> _Your assignment_
For the entries below, the result should be an exact transcription of the lines from the one with "case=> y y_gt0" up to and including the one with "(forall j, 0 <= z", and only those.

> _Material for this task_
-------------------------

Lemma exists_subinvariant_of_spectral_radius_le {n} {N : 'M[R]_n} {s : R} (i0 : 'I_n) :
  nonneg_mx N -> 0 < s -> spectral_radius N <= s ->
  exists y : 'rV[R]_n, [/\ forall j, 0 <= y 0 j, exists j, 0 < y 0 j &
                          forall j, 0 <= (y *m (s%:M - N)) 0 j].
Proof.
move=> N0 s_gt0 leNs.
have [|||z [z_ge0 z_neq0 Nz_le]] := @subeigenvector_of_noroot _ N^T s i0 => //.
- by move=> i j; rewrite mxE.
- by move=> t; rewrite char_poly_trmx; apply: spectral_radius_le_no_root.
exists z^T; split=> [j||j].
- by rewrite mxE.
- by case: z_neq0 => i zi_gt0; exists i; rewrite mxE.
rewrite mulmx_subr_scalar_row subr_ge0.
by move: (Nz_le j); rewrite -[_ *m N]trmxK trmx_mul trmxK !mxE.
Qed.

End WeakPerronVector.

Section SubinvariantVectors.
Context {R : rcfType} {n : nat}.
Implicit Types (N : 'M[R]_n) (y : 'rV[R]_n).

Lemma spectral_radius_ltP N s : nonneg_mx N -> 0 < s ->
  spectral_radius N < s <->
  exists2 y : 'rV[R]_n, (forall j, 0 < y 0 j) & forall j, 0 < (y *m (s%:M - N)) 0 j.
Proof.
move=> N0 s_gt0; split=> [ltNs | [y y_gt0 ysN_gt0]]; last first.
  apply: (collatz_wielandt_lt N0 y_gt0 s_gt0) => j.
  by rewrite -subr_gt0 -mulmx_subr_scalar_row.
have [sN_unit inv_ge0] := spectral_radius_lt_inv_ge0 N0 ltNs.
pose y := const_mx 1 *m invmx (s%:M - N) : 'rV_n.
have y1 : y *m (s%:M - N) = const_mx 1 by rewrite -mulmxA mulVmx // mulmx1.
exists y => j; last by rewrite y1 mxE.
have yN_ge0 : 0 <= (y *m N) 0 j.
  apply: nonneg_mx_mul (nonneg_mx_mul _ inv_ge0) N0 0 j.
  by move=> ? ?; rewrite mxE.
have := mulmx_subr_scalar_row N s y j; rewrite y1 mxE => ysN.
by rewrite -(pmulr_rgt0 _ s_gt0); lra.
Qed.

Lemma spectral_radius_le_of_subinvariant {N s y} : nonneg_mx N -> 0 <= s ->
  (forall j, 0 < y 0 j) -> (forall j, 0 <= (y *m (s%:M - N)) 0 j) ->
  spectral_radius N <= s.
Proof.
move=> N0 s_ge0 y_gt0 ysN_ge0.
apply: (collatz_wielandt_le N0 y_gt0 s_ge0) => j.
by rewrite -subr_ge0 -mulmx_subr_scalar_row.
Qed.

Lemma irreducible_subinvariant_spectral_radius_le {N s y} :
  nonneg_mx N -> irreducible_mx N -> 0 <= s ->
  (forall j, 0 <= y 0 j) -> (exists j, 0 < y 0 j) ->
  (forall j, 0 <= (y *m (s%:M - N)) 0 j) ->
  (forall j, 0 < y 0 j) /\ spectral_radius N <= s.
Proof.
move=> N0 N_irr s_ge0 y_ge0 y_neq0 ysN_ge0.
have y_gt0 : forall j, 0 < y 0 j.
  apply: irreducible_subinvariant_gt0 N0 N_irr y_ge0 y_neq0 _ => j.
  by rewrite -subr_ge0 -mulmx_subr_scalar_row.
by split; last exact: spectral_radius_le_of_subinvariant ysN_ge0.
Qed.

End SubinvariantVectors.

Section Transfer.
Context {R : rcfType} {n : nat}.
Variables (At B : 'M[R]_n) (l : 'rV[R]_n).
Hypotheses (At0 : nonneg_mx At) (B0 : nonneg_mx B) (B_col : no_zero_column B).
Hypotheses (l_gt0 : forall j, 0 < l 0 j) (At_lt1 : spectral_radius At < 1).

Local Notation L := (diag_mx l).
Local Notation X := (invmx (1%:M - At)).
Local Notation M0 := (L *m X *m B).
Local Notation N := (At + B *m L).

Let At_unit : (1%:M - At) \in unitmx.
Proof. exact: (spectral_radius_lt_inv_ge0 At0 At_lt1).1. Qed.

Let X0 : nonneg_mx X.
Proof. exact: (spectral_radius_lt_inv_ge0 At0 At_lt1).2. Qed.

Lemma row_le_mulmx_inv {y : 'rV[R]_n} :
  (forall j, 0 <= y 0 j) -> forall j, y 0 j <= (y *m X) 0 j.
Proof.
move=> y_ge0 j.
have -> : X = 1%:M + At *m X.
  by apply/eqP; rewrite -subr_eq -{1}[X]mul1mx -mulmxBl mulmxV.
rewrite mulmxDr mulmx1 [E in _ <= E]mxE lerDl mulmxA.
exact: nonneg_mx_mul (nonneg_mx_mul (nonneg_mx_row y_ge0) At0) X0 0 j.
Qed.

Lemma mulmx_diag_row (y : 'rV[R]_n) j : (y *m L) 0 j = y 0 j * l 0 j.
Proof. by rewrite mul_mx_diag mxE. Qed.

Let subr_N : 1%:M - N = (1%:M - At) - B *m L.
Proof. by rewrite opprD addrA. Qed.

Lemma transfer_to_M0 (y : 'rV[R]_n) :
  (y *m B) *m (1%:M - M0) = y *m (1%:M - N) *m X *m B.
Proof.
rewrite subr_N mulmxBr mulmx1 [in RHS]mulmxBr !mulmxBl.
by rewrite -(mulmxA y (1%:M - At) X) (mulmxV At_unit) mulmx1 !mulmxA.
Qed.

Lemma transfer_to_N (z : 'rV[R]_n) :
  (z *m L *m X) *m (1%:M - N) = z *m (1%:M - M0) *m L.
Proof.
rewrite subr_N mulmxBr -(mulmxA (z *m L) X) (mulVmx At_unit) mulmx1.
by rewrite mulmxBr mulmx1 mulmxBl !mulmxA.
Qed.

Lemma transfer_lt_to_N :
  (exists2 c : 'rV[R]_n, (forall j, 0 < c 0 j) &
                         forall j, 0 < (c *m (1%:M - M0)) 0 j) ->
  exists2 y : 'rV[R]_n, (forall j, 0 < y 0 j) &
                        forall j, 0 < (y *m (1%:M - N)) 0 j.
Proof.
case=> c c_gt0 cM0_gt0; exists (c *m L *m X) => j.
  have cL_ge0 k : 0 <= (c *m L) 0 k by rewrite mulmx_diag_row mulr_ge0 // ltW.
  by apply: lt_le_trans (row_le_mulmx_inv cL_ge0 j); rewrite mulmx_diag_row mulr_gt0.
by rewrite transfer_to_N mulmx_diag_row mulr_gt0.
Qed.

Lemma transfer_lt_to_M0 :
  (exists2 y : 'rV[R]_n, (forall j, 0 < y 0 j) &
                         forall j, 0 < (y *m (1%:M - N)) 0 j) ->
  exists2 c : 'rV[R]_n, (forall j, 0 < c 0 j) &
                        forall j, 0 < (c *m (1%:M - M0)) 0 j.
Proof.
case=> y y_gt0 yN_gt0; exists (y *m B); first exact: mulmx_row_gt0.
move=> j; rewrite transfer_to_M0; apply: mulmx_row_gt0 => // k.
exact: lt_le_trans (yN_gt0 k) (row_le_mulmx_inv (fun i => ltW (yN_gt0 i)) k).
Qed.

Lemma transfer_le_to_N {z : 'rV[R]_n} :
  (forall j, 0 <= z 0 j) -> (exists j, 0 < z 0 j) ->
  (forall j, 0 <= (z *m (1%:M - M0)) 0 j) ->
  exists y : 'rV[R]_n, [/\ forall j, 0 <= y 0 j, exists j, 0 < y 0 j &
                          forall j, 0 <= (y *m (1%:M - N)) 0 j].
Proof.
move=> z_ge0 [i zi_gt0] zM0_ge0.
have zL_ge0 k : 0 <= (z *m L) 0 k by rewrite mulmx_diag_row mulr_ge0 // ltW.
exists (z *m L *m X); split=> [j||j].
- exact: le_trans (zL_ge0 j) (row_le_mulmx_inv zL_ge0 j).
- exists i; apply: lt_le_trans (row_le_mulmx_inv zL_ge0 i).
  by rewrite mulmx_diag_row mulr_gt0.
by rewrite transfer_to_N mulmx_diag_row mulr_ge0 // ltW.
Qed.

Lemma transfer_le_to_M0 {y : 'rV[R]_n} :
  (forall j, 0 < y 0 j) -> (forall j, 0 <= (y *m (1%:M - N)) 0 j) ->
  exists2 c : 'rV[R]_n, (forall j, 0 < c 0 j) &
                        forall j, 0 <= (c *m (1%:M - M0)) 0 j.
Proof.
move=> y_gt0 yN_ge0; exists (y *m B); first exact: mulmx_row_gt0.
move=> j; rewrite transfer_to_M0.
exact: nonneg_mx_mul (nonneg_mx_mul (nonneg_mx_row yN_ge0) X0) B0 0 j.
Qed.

-------------------------

> _Exercise output_
case=> y y_gt0 yN_gt0; exists (y *m B); first exact: mulmx_row_gt0.
move=> j; rewrite transfer_to_M0; apply: mulmx_row_gt0 => // k.
exact: lt_le_trans (yN_gt0 k) (row_le_mulmx_inv (fun i => ltW (yN_gt0 i)) k).
Qed.

Lemma transfer_le_to_N {z : 'rV[R]_n} :
  (forall j, 0 <= z 0 j) -> (exists j, 0 < z 0 j) ->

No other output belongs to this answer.